3 Things I learned from flying in Hawaii

As a traveling master instructor, I teach all over the US and am usually on the road 20-25 days per month. When my wife announced she wanted to go to Hawaii for our upcoming wedding anniversary, my first thought was how much I needed a break from flying. Don’t misunderstand me, I love flying even after teaching for 14 years. It’s just I needed a break from work. So in the middle of my vacation I decided to go fly anyway. Flying in Hawaii was an amazing experience and taught me three important lessons.

The first thing I learned was that renting an airplane in Hawaii is not as simple as just walking up to a local flight school and asking for a set of keys. All of the really good ones require extensive training with a local expert CFI before handing you an airplane. The best one I found was Tropic Bird Flight Service in Kona (PHKO) on the big island. Mike Lauro is the owner and chief flight instructor with over 13,000 hours flying in Hawaii. Mike certainly respected my credentials and experience but went on to explain why renting in Hawaii is not just a 30 minute checkout. He usually requires 10 hours of dual before he will let someone rent on of his aircraft. In fact his ground training session taught me the next thing I learned and why he is right to give even an experienced pilot that much training.

Hawaii is mountain and volcano flying. I went flying the day after the 6.9 earthquake and volcano eruption. I’ve taught mountain flying before, but never where you get such a rapid change of environment and weather. The big island of Hawaii has 10 out of the 14 climate zones on the entire earth. From the summit of Mauna Kea, which has snow often through June, down to small areas of hot desert area that gets less than 10’’ of rainfall per year. All of this is surrounded by tropical rain forest with 6 other climate zones mixed in! All of this incorporates into a rapidly changing weather pattern driven mostly by the trade winds. True to his word when we took off south from Kona the weather was marginal VFR with Vog (Volcanic emissions mixed with fog) and fairly low ceilings. After a quick trip down to the Captain Cook memorial we turned around and headed back north. Less than 2 minutes north of the airport we entered an area of light turbulence and high broken cumulus clouds with at least 30 miles of visibility.

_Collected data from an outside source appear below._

Ltac solve_between := unfold between in *;
  repeat match goal with H : _ \/ _ |- _ => destruct H end;
  first [ lra | solve [left; lra] | solve [right; lra] ].

Lemma between_sym a b x : between a b x -> between b a x.
Proof. solve_between. Qed.

Lemma between_right a b : between a b b.
Proof. destruct (Rle_dec a b); [left | right]; lra. Qed.

Lemma between_affine a b t : 0 <= t <= 1 -> between a b (a + t * (b - a)).
Proof. intros Ht. destruct (Rle_dec a b); [left | right]; split; nra. Qed.

Lemma between_affine_inv a b x : between a b x -> exists t, 0 <= t <= 1 /\ x = a + t * (b - a).
Proof.
  intros H. destruct (Req_dec a b) as [E|E].
  - exists 0. split; [lra|]. subst. destruct H; lra.
  - exists ((x - a) / (b - a)).
    assert (Et : (x - a) / (b - a) * (b - a) = x - a) by (field; lra).
    split; [|lra].
    destruct H; [assert (b - a > 0) | assert (b - a < 0)]; try lra; split; nra.
Qed.

Lemma pt_eta (p : pt) : p = (px p, py p).
Proof. destruct p; reflexivity. Qed.

Lemma seg_start a b : seg a b a.
Proof. exists 0. split; [lra|]. split; ring. Qed.

Lemma seg_end a b : seg a b b.
Proof. exists 1. split; [lra|]. split; ring. Qed.

Lemma seg_horizontal a b p : py a = py b ->
  (seg a b p <-> py p = py a /\ between (px a) (px b) (px p)).
Proof.
  intros E. split.
  - intros [t [Ht [Hx Hy]]]. split; [rewrite Hy, E; ring | rewrite Hx; apply between_affine; auto].
  - intros [Hy Hb]. destruct (between_affine_inv _ _ _ Hb) as [t [Ht Hx]].
    exists t. split; [exact Ht|]. split; [exact Hx|]. rewrite Hy, E. ring.
Qed.

Lemma seg_vertical a b p : px a = px b ->
  (seg a b p <-> px p = px a /\ between (py a) (py b) (py p)).
Proof.
  intros E. split.
  - intros [t [Ht [Hx Hy]]]. split; [rewrite Hx, E; ring | rewrite Hy; apply between_affine; auto].
  - intros [Hx Hb]. destruct (between_affine_inv _ _ _ Hb) as [t [Ht Hy]].
    exists t. split; [exact Ht|]. split; [|exact Hy]. rewrite Hx, E. ring.
Qed.

Lemma seg_subset a b u v : seg a b u -> seg a b v -> subset (seg u v) (seg a b).
Proof.
  intros [t1 [H1 [X1 Y1]]] [t2 [H2 [X2 Y2]]] w [s [Hs [Xw Yw]]].
  exists (t1 + s * (t2 - t1)). split.
  - split; nra.
  - split; [rewrite Xw, X1, X2 | rewrite Yw, Y1, Y2]; ring.
Qed.

(* The four outward normals of B(ω); [height] and [offset] are coordinates in the frame
   of a normal, and [point_at] inverts them. *)
Definition height (al be : R) (p : pt) : R := al * px p + be * py p.
Definition offset (al be : R) (p : pt) : R := height (- be) al p.
Definition axis (al be : R) : Prop :=
  (al = 0 /\ (be = 1 \/ be = -1)) \/ (be = 0 /\ (al = 1 \/ al = -1)).
Definition point_at (al be h o : R) : pt := (al * h - be * o, be * h + al * o).

Ltac case_axis Hax := destruct Hax as [[-> [-> | ->]]|[-> [-> | ->]]].

Lemma axis_rot al be : axis al be -> axis (- be) al.
Proof. intros Hax. case_axis Hax; [right|right|left|left]; split; (lra || (left; lra) || (right; lra)). Qed.

Lemma seg_height al be a b p : seg a b p ->
  exists t, 0 <= t <= 1 /\ height al be p = height al be a + t * (height al be b - height al be a).
Proof. intros [t [Ht [Hx Hy]]]. exists t. split; auto. unfold height. rewrite Hx, Hy. ring. Qed.

Lemma seg_height_le al be a b p M : seg a b p -> height al be a <= M -> height al be b <= M ->
  height al be p <= M.
Proof. intros H Ha Hb. destruct (seg_height al be _ _ _ H) as [t [Ht ->]]. nra. Qed.

Section Axis.
Variables al be : R.
Hypothesis Hax : axis al be.

Lemma height_point_at h o : height al be (point_at al be h o) = h.
Proof. unfold height, point_at, px, py; simpl. case_axis Hax; ring. Qed.

Lemma offset_point_at h o : offset al be (point_at al be h o) = o.
Proof. unfold offset, height, point_at, px, py; simpl. case_axis Hax; ring. Qed.

Lemma point_at_coords w : w = point_at al be (height al be w) (offset al be w).
Proof.
  unfold offset, height, point_at. rewrite (pt_eta w) at 1. unfold px, py; simpl.
  case_axis Hax; f_equal; ring.
Qed.

Lemma point_eq_of_coords u v :
  height al be u = height al be v -> offset al be u = offset al be v -> u = v.
Proof. intros E1 E2. rewrite (point_at_coords u), (point_at_coords v), E1, E2. reflexivity. Qed.

Lemma seg_coords a b w : seg a b w <-> exists t, 0 <= t <= 1 /\
  height al be w = height al be a + t * (height al be b - height al be a) /\
  offset al be w = offset al be a + t * (offset al be b - offset al be a).
Proof.
  split.
  - intros [t [Ht [Hx Hy]]]. exists t. split; auto.
    unfold offset, height. rewrite Hx, Hy. split; ring.
  - intros [t [Ht [E1 E2]]]. exists t. split; auto.
    rewrite (point_at_coords w), E1, E2. unfold point_at, offset, height, px, py; simpl.
    fold (px a) (py a) (px b) (py b). case_axis Hax; split; ring.
Qed.

Lemma seg_level a b w : height al be a = height al be b ->
  (seg a b w <-> height al be w = height al be a /\
                 between (offset al be a) (offset al be b) (offset al be w)).
Proof.
  intros E. rewrite seg_coords. split.
  - intros [t [Ht [E1 E2]]]. split; [rewrite E1, E; ring|]. rewrite E2. apply between_affine; auto.
  - intros [E1 B]. destruct (between_affine_inv _ _ _ B) as [t [Ht E2]].
    exists t. repeat split; try lra. rewrite E1, E. ring.
Qed.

Ten minutes later you could see a visible wind shear zone where the wind coming around the north side of the island broke the clouds as cleanly as cutting them off with a knife. Clear blue skies with unlimited visibility mixed with some light chop coming from a mountain wave. Seeing 3 completely different weather patterns and 5 different types of land in 30 minutes by a Cessna 172 is an amazing experience. Unless you are very familiar with the local weather and topography, even good pilots could get themselves into trouble.

The third, and most important, thing I learned is that it felt really good to learn. I think it’s pretty easy for professional pilots and flight instructors to become complacent and believe they don’t need any training when renting something simple.   Private pilots seem to be more interested in seeking out adventures and new training. It’s sometimes hard for professionals to check their ego and seek out someone who is an expert in something they are not. I certainly talked about how I felt silly renting an instructor to “teach me” in a Cessna 172 before I went. I was 100% wrong and can’t tell you enough what a great experience it was.

Check out Mike and his website at www.TropicBirdFlightService.com. I took his Island Adventure Tour for visiting pilots. It will be the best money and time you’ve ever spent for C172 time and the memories will last forever. Flying with a true local expert not only makes you safer, but also provides the best local knowledge in where to fly.

What’s the best extra training you’ve ever taken and why? Let me know in the comments and as always…


Fly Safe!


Gary D Reeves, ATP, MCFI




Gary is a 7,000+ hr ATP and Master Flight Instructor. The 2016 FAA Instructor of the year, WP region, he is also a lead rep for the FAA Safety Team. A well know national public speaker at every major aviation convention he is the only Avidyne National Training Provider and focuses on single pilot IFR with Avidyne and Garmin avionics.


One thought on “3 Things I learned from flying in Hawaii

  1. Very well pointed out that in aviation there is always more than you already know. Appears to be adventurous considering erratic nature of winds and weather. Ego is one of the killers, which in this case was put to rest. Good!